Set up HPA with CPU and memory targets for automatic pod scaling. Configure metrics server and Prometheus adapter for custom metrics monitoring. Enable dynamic workload scaling based on resource utilization.
Prerequisites
- Kubernetes cluster with admin access
- kubectl installed and configured
- Helm 3 installed
What this solves
Horizontal Pod Autoscaler (HPA) automatically scales your Kubernetes workloads based on resource metrics like CPU and memory usage. This prevents performance degradation during traffic spikes and reduces costs by scaling down during low demand. HPA requires a metrics server to collect resource data and can use custom metrics from Prometheus for advanced scaling decisions.
Step-by-step installation
Update system packages
Start by updating your system packages to ensure compatibility with Kubernetes components.
sudo apt update && sudo apt upgrade -y
Install kubectl and verify cluster access
Install kubectl if not already available and verify you can connect to your Kubernetes cluster.
curl -LO "https://dl.k8s.io/release/$(curl -L -s https://dl.k8s.io/release/stable.txt)/bin/linux/amd64/kubectl"
sudo install -o root -g root -m 0755 kubectl /usr/local/bin/kubectl
Verify cluster connectivity:
kubectl cluster-info
kubectl get nodes
Deploy the metrics server
The metrics server collects resource metrics from kubelets and exposes them via the Metrics API for HPA consumption.
kubectl apply -f https://github.com/kubernetes-sigs/metrics-server/releases/latest/download/components.yaml
Wait for the metrics server to be ready:
kubectl wait --for=condition=ready pod -l k8s-app=metrics-server -n kube-system --timeout=300s
Configure metrics server for local clusters
If running on a local cluster like minikube or k3s, you may need to disable TLS verification for the metrics server.

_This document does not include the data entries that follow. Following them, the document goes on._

(* For every integer $n\ge 0$, \[ \sum_{k=0}^{n}(-4)^k\frac{\binom{n}{k}}{\binom{1+2k}{k}}\,k^2H_{1+2k} =\frac{2n(4n-1)\{2H_{1+2n}-H_n\}}{(4n^2-1)(2n-3)(2n-5)} -\frac{2n(32n^6+160n^5-544n^4-560n^3+1482n^2-382n-17)}{(4n^2-1)^2(2n-3)^2(2n-5)^2}. \]
   Context: For an integer $m\ge 0$, $H_m$ denotes the $m$-th harmonic number: $H_0=0$ and $H_m=\sum_{j=1}^m \frac1j$ for $m\ge1$. $\binom{n}{k}$ is the usual binomial coefficient. *)

From HB Require Import structures.
From mathcomp Require Import all_boot all_order all_algebra.
Set Implicit Arguments. Unset Strict Implicit. Unset Printing Implicit Defensive.
Import Order.TTheory GRing.Theory Num.Theory.
Local Open Scope ring_scope.

Definition harm (m : nat) : rat := \sum_(1 <= j < m.+1) (j%:R)^-1.

(* Write S(n) for the sum and w(n,k) for its weight (-4)^k C(n,k) / C(2k+1,k).
   Creative telescoping (Zeilberger's algorithm) produces the first-order
   recurrence
     n(4n-1)(2n+3) S(n+1) - (n+1)(4n+3)(2n-5) S(n) = -G(n,0),
   with certificate
     G(n,k) = w(n+1,k) [k(2k+1) q(n,k) H_{2k+1} + p(n,k) / ((k+1) d(n))]
   for explicit polynomials q, p, d (cert_quad, cert_numer, cert_denom): the
   summand of S(n+1) and of S(n), combined with these coefficients, is
   G(n,k+1) - G(n,k).  Since w(n,k) has rational ratios in both n and k and
   H_{2k+3} - H_{2k+1} = 1/(2k+2) + 1/(2k+3), this reduces to a rational
   function identity.  The closed form satisfies the same recurrence (another
   rational identity) and agrees with S at n = 0 and n = 1; the leading
   coefficient n(4n-1)(2n+3) vanishes only at n = 0, so induction from n = 1
   concludes. *)

From HB Require Import structures.
From mathcomp Require Import all_boot all_order all_algebra.
From mathcomp Require Import ring lra zify.
Import Order.TTheory GRing.Theory Num.Theory.
Local Open Scope ring_scope.

Lemma natr_mul_sub_neq0 (R : numDomainType) (a n b : nat) :
  (a * n != b)%N -> a%:R * n%:R - b%:R != 0 :> R.
Proof. by rewrite subr_eq0 -natrM eqr_nat. Qed.

Lemma harmS m : harm m.+1 = harm m + (m%:R + 1)^-1.
Proof. by rewrite /harm big_nat_recr //= natr1. Qed.

Lemma harm_odd_succ k :
  harm (1 + 2 * k.+1) = harm (1 + 2 * k) + (2 * k%:R + 2)^-1 + (2 * k%:R + 3)^-1.
Proof.
have -> : (1 + 2 * k.+1 = (1 + 2 * k).+2)%N by lia.
rewrite !harmS; congr (_ + _^-1 + _^-1).
  by rewrite natrD natrM; ring.
by rewrite -natr1 natrD natrM; ring.
Qed.

Lemma natr_mul_bin_left (R : pzRingType) (m k : nat) :
  'C(m, k.+1)%:R * k.+1%:R = 'C(m, k)%:R * (m%:R - k%:R) :> R.
Proof.
have [le_km | lt_mk] := leqP k m.
  by rewrite -natrB // -!natrM mulnC mul_bin_left [in RHS]mulnC.
by rewrite !bin_small ?mul0r // ltnW.
Qed.

Lemma natr_mul_bin_down (R : pzRingType) (m k : nat) :
  'C(m, k)%:R * m.+1%:R = 'C(m.+1, k)%:R * (m.+1%:R - k%:R) :> R.
Proof.
have [le_km | lt_mk] := leqP k m.+1.
  by rewrite -natrB // -!natrM mulnC [in RHS]mulnC -mul_bin_down.
by rewrite !bin_small ?mul0r // ltnW.
Qed.

Lemma mul_bin_odd_succ k :
  ('C((2 * k).+3, k.+1) * (k.+1 * k.+2) = 'C((2 * k).+1, k) * ((2 * k).+3 * (2 * k).+2))%N.
Proof.
have up := mul_bin_diag (2 * k).+3 k; have down := mul_bin_down (2 * k).+2 k.
rewrite /= (_ : (2 * k).+2 - k = k.+2)%N in down; last by lia.
by rewrite mulnA (mulnC _ k.+1) -up mulnAC -mulnA -down mulnA mulnC.
Qed.

Definition weight (n k : nat) : rat := (-4) ^+ k * ('C(n, k)%:R / 'C(1 + 2 * k, k)%:R).

Lemma natr_bin_odd_neq0 (R : numDomainType) k : 'C(1 + 2 * k, k)%:R != 0 :> R.
Proof. by rewrite pnatr_eq0 -lt0n bin_gt0; lia. Qed.

Lemma weight0 n : weight n 0 = 1.
Proof. by rewrite /weight expr0 !bin0 divrr ?mulr1 // unitfE oner_eq0. Qed.

Lemma weight_small n k : (n < k)%N -> weight n k = 0.
Proof. by move=> lt_nk; rewrite /weight bin_small // mul0r mulr0. Qed.

Lemma weightSr m k : weight m k.+1 =
  weight m k * (-2 * (m%:R - k%:R) * (k%:R + 2)) / ((k%:R + 1) * (2 * k%:R + 3)).
Proof.
have e1 : 'C(m, k.+1)%:R = 'C(m, k)%:R * (m%:R - k%:R) / k.+1%:R :> rat.
  by rewrite -natr_mul_bin_left mulfK ?pnatr_eq0.
have e2 : 'C(1 + 2 * k.+1, k.+1)%:R
    = 'C(1 + 2 * k, k)%:R * ((2 * k).+3 * (2 * k).+2)%:R / (k.+1 * k.+2)%:R :> rat.
  rewrite -natrM (_ : 1 + 2 * k.+1 = (2 * k).+3)%N; last by lia.
  by rewrite add1n -mul_bin_odd_succ natrM mulfK // pnatr_eq0.
rewrite /weight exprS e1 e2 !natrM -!natr1 !natrM.
have k0 : 0 <= k%:R :> rat by exact: ler0n.
by field; rewrite natr_bin_odd_neq0 !gt_eqF //=; lra.
Qed.

Lemma weightSl n k : weight n k = weight n.+1 k * (n%:R + 1 - k%:R) / (n%:R + 1).
Proof.
have e : 'C(n, k)%:R = 'C(n.+1, k)%:R * (n.+1%:R - k%:R) / n.+1%:R :> rat.
  by rewrite -natr_mul_bin_down mulfK // pnatr_eq0.
rewrite /weight e -natr1.
have n0 : 0 <= n%:R :> rat by exact: ler0n.
by field; rewrite natr_bin_odd_neq0 gt_eqF //=; lra.
Qed.

Section RationalIdentities.

Context {R : realFieldType}.
Implicit Types N K h : R.

Definition rec_lead N := N * (4 * N - 1) * (2 * N + 3).
Definition rec_tail N := (N + 1) * (4 * N + 3) * (2 * N - 5).

Definition cert_denom N :=
  (N + 1) * (2 * N - 5) * (2 * N - 3) * (2 * N - 1) * (2 * N + 1) * (2 * N + 3).

Definition cert_quad N K := - 4 * (N + 1) + (8 * N + 7) * K - (4 * N + 3) * K ^+ 2.

Definition cert_numer N K :=
    (612 * N + 904 * N ^+ 2 - 1196 * N ^+ 3 - 2816 * N ^+ 4 - 1424 * N ^+ 5
       - 32 * N ^+ 6 + 64 * N ^+ 7)
  + (- 462 - 974 * N + 1214 * N ^+ 2 + 3458 * N ^+ 3 + 1596 * N ^+ 4
       - 24 * N ^+ 5 + 304 * N ^+ 6 + 192 * N ^+ 7) * K
  + (- 195 - 2596 * N - 2607 * N ^+ 2 + 5550 * N ^+ 3 + 10356 * N ^+ 4
       + 5016 * N ^+ 5 + 96 * N ^+ 6 - 320 * N ^+ 7) * K ^+ 2
  + (750 + 2369 * N + 31 * N ^+ 2 - 6684 * N ^+ 3 - 8392 * N ^+ 4
       - 4208 * N ^+ 5 - 1104 * N ^+ 6 - 192 * N ^+ 7) * K ^+ 3
  + (15 - 77 * N - 316 * N ^+ 2 - 16 * N ^+ 3 + 800 * N ^+ 4
       + 1232 * N ^+ 5 + 896 * N ^+ 6 + 256 * N ^+ 7) * K ^+ 4
  + (- 108 - 252 * N + 336 * N ^+ 2 + 1120 * N ^+ 3 + 448 * N ^+ 4
       - 448 * N ^+ 5 - 256 * N ^+ 6) * K ^+ 5.

Definition cert N K h :=
  K * (2 * K + 1) * cert_quad N K * h + cert_numer N K / ((K + 1) * cert_denom N).

Lemma cert_telescope N K h : cert_denom N != 0 -> 0 <= K ->
  rec_lead N * (K ^+ 2 * h) - rec_tail N * ((N + 1 - K) / (N + 1) * K ^+ 2 * h)
  = -2 * (N + 1 - K) * (K + 2) / ((K + 1) * (2 * K + 3))
      * cert N (K + 1) (h + (2 * K + 2)^-1 + (2 * K + 3)^-1)
    - cert N K h.
Proof.
rewrite {1}/cert_denom !mulf_eq0.
move=> /norP[/norP[/norP[/norP[/norP[hp1 hm5] hm3] hm1] hp1'] hp3] K0.
rewrite /cert /rec_lead /rec_tail /cert_quad /cert_numer /cert_denom.
by field; rewrite hp1 hm5 hm3 hm1 hp1' hp3 !gt_eqF //=; lra.
Qed.

Definition closed_form N h1 hn :=
  2 * N * (4 * N - 1) * (2 * h1 - hn) / ((4 * N ^+ 2 - 1) * (2 * N - 3) * (2 * N - 5))
  - 2 * N * (32 * N ^+ 6 + 160 * N ^+ 5 - 544 * N ^+ 4 - 560 * N ^+ 3
             + 1482 * N ^+ 2 - 382 * N - 17)
    / ((4 * N ^+ 2 - 1) ^+ 2 * (2 * N - 3) ^+ 2 * (2 * N - 5) ^+ 2).

(* The right-hand side [cert N 0 h] does not depend on [h]. *)
Lemma closed_form_recurrence N h1 hn h : cert_denom N != 0 ->
  rec_lead N * closed_form (N + 1) (h1 + (2 * N + 2)^-1 + (2 * N + 3)^-1) (hn + (N + 1)^-1)
  - rec_tail N * closed_form N h1 hn = - cert N 0 h.
Proof.
rewrite {1}/cert_denom !mulf_eq0.
move=> /norP[/norP[/norP[/norP[/norP[hp1 hm5] hm3] hm1] hp1'] hp3].
rewrite /closed_form /cert /rec_lead /rec_tail /cert_quad /cert_numer /cert_denom.
have -> : 4 * N ^+ 2 - 1 = (2 * N - 1) * (2 * N + 1) by ring.
have -> : 4 * (N + 1) ^+ 2 - 1 = (2 * N + 1) * (2 * N + 3) by ring.
have -> : 2 * N + 2 = 2 * (N + 1) by ring.
by field; rewrite hp1 hm5 hm3 hm1 hp1' hp3.
Qed.

End RationalIdentities.

Lemma cert_denom_natr_neq0 n : cert_denom (n%:R : rat) != 0.
Proof.
have n0 : 0 <= n%:R :> rat by exact: ler0n.
rewrite /cert_denom !mulf_neq0 ?(natr_mul_sub_neq0 _ 2 n 1) ?natr_mul_sub_neq0 //; try lia.
all: by rewrite gt_eqF //; lra.
Qed.

Definition summand n k := weight n k * k%:R ^+ 2 * harm (1 + 2 * k).

Definition hsum n := \sum_(0 <= k < n.+1) summand n k.

Definition cert_seq n k := weight n.+1 k * cert n%:R k%:R (harm (1 + 2 * k)).

Lemma summand_telescope n k :
  rec_lead n%:R * summand n.+1 k - rec_tail n%:R * summand n k
  = cert_seq n k.+1 - cert_seq n k.
Proof.
rewrite /summand /cert_seq weightSr (weightSl n k) harm_odd_succ.
rewrite -[n.+1%:R]natr1 -[k.+1%:R]natr1.
set N := n%:R; set K := k%:R; set h := harm _; set w := weight n.+1 k.
transitivity (w * (rec_lead N * (K ^+ 2 * h)
                   - rec_tail N * ((N + 1 - K) / (N + 1) * K ^+ 2 * h))); first by ring.
by rewrite cert_telescope ?cert_denom_natr_neq0 ?ler0n //; ring.
Qed.

Lemma hsum_recurrence n :
  rec_lead n%:R * hsum n.+1 - rec_tail n%:R * hsum n = - cert n%:R 0 (harm 1).
Proof.
have -> : hsum n = \sum_(0 <= k < n.+2) summand n k.
  by rewrite [RHS]big_nat_recr //= [summand n n.+1]/summand weight_small // !mul0r addr0.
rewrite /hsum !mulr_sumr -sumrB (telescope_sumr_eq (cert_seq n)) //.
  by rewrite /cert_seq weight_small // weight0 mul0r mul1r sub0r mulr0n.
by move=> k _; exact: summand_telescope.
Qed.

Lemma hsum_closed_form n : hsum n = closed_form (n%:R : rat) (harm (1 + 2 * n)) (harm n).
Proof.
elim: n => [|n IH].
  by rewrite /hsum /summand /closed_form /harm !unlock; apply/eqP; vm_compute.
case: n IH => [_|n IH].
  by rewrite /hsum /summand /weight /closed_form /harm !unlock; apply/eqP; vm_compute.
have lead_neq0 : rec_lead (n.+1%:R : rat) != 0.
  rewrite /rec_lead !mulf_neq0 ?pnatr_eq0 ?(natr_mul_sub_neq0 _ 4 n.+1 1) //; try lia.
  by rewrite gt_eqF // ltr_pwDr // mulr_ge0.
apply: (mulfI lead_neq0); apply: (addIr (- (rec_tail n.+1%:R * hsum n.+1))).
rewrite hsum_recurrence {}IH.
rewrite -(closed_form_recurrence n.+1%:R (harm (1 + 2 * n.+1)) (harm n.+1) (harm 1)
                                 (cert_denom_natr_neq0 n.+1)).
by rewrite -[n.+2%:R]natr1 (harm_odd_succ n.+1) (harmS n.+1).
Qed.

Theorem theorem6 (n : nat) :
  \sum_(0 <= k < n.+1)
     (-4 : rat) ^+ k * ('C(n, k)%:R / 'C(1 + 2 * k, k)%:R) * (k%:R) ^+ 2
       * harm (1 + 2 * k)
  = (2 * n%:R * (4 * n%:R - 1) * (2 * harm (1 + 2 * n) - harm n))
      / ((4 * n%:R ^+ 2 - 1) * (2 * n%:R - 3) * (2 * n%:R - 5))
    - (2 * n%:R * (32 * n%:R ^+ 6 + 160 * n%:R ^+ 5 - 544 * n%:R ^+ 4
                   - 560 * n%:R ^+ 3 + 1482 * n%:R ^+ 2 - 382 * n%:R - 17))
      / ((4 * n%:R ^+ 2 - 1) ^+ 2 * (2 * n%:R - 3) ^+ 2 * (2 * n%:R - 5) ^+ 2).
Proof. exact: hsum_closed_form. Qed.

kubectl patch deployment metrics-server -n kube-system --type='json' -p='[
{
"op": "add",
"path": "/spec/template/spec/containers/0/args/-",
"value": "--kubelet-insecure-tls"
}
]'
Create a test deployment
Deploy a sample application to test HPA functionality. This deployment includes resource requests required for HPA.
apiVersion: apps/v1
kind: Deployment
metadata:
name: hpa-test-app
namespace: default
spec:
replicas: 2
selector:
matchLabels:
app: hpa-test-app
template:
metadata:
labels:
app: hpa-test-app
spec:
containers:
- name: app
image: nginx:1.25
resources:
requests:
cpu: 100m
memory: 128Mi
limits:
cpu: 200m
memory: 256Mi
ports:
- containerPort: 80
---
apiVersion: v1
kind: Service
metadata:
name: hpa-test-service
namespace: default
spec:
selector:
app: hpa-test-app
ports:
- port: 80
targetPort: 80
type: ClusterIP
kubectl apply -f hpa-test-app.yaml
Configure HPA with CPU target
Create an HPA that scales based on CPU utilization. This example scales between 2-10 pods when CPU exceeds 50%.
apiVersion: autoscaling/v2
kind: HorizontalPodAutoscaler
metadata:
name: hpa-test-cpu
namespace: default
spec:
scaleTargetRef:
apiVersion: apps/v1
kind: Deployment
name: hpa-test-app
minReplicas: 2
maxReplicas: 10
metrics:
- type: Resource
resource:
name: cpu
target:
type: Utilization
averageUtilization: 50
behavior:
scaleUp:
stabilizationWindowSeconds: 60
policies:
- type: Percent
value: 100
periodSeconds: 15
scaleDown:
stabilizationWindowSeconds: 300
policies:
- type: Percent
value: 50
periodSeconds: 60
kubectl apply -f hpa-cpu.yaml
Configure HPA with memory target
Create an additional HPA that scales based on memory utilization alongside CPU metrics.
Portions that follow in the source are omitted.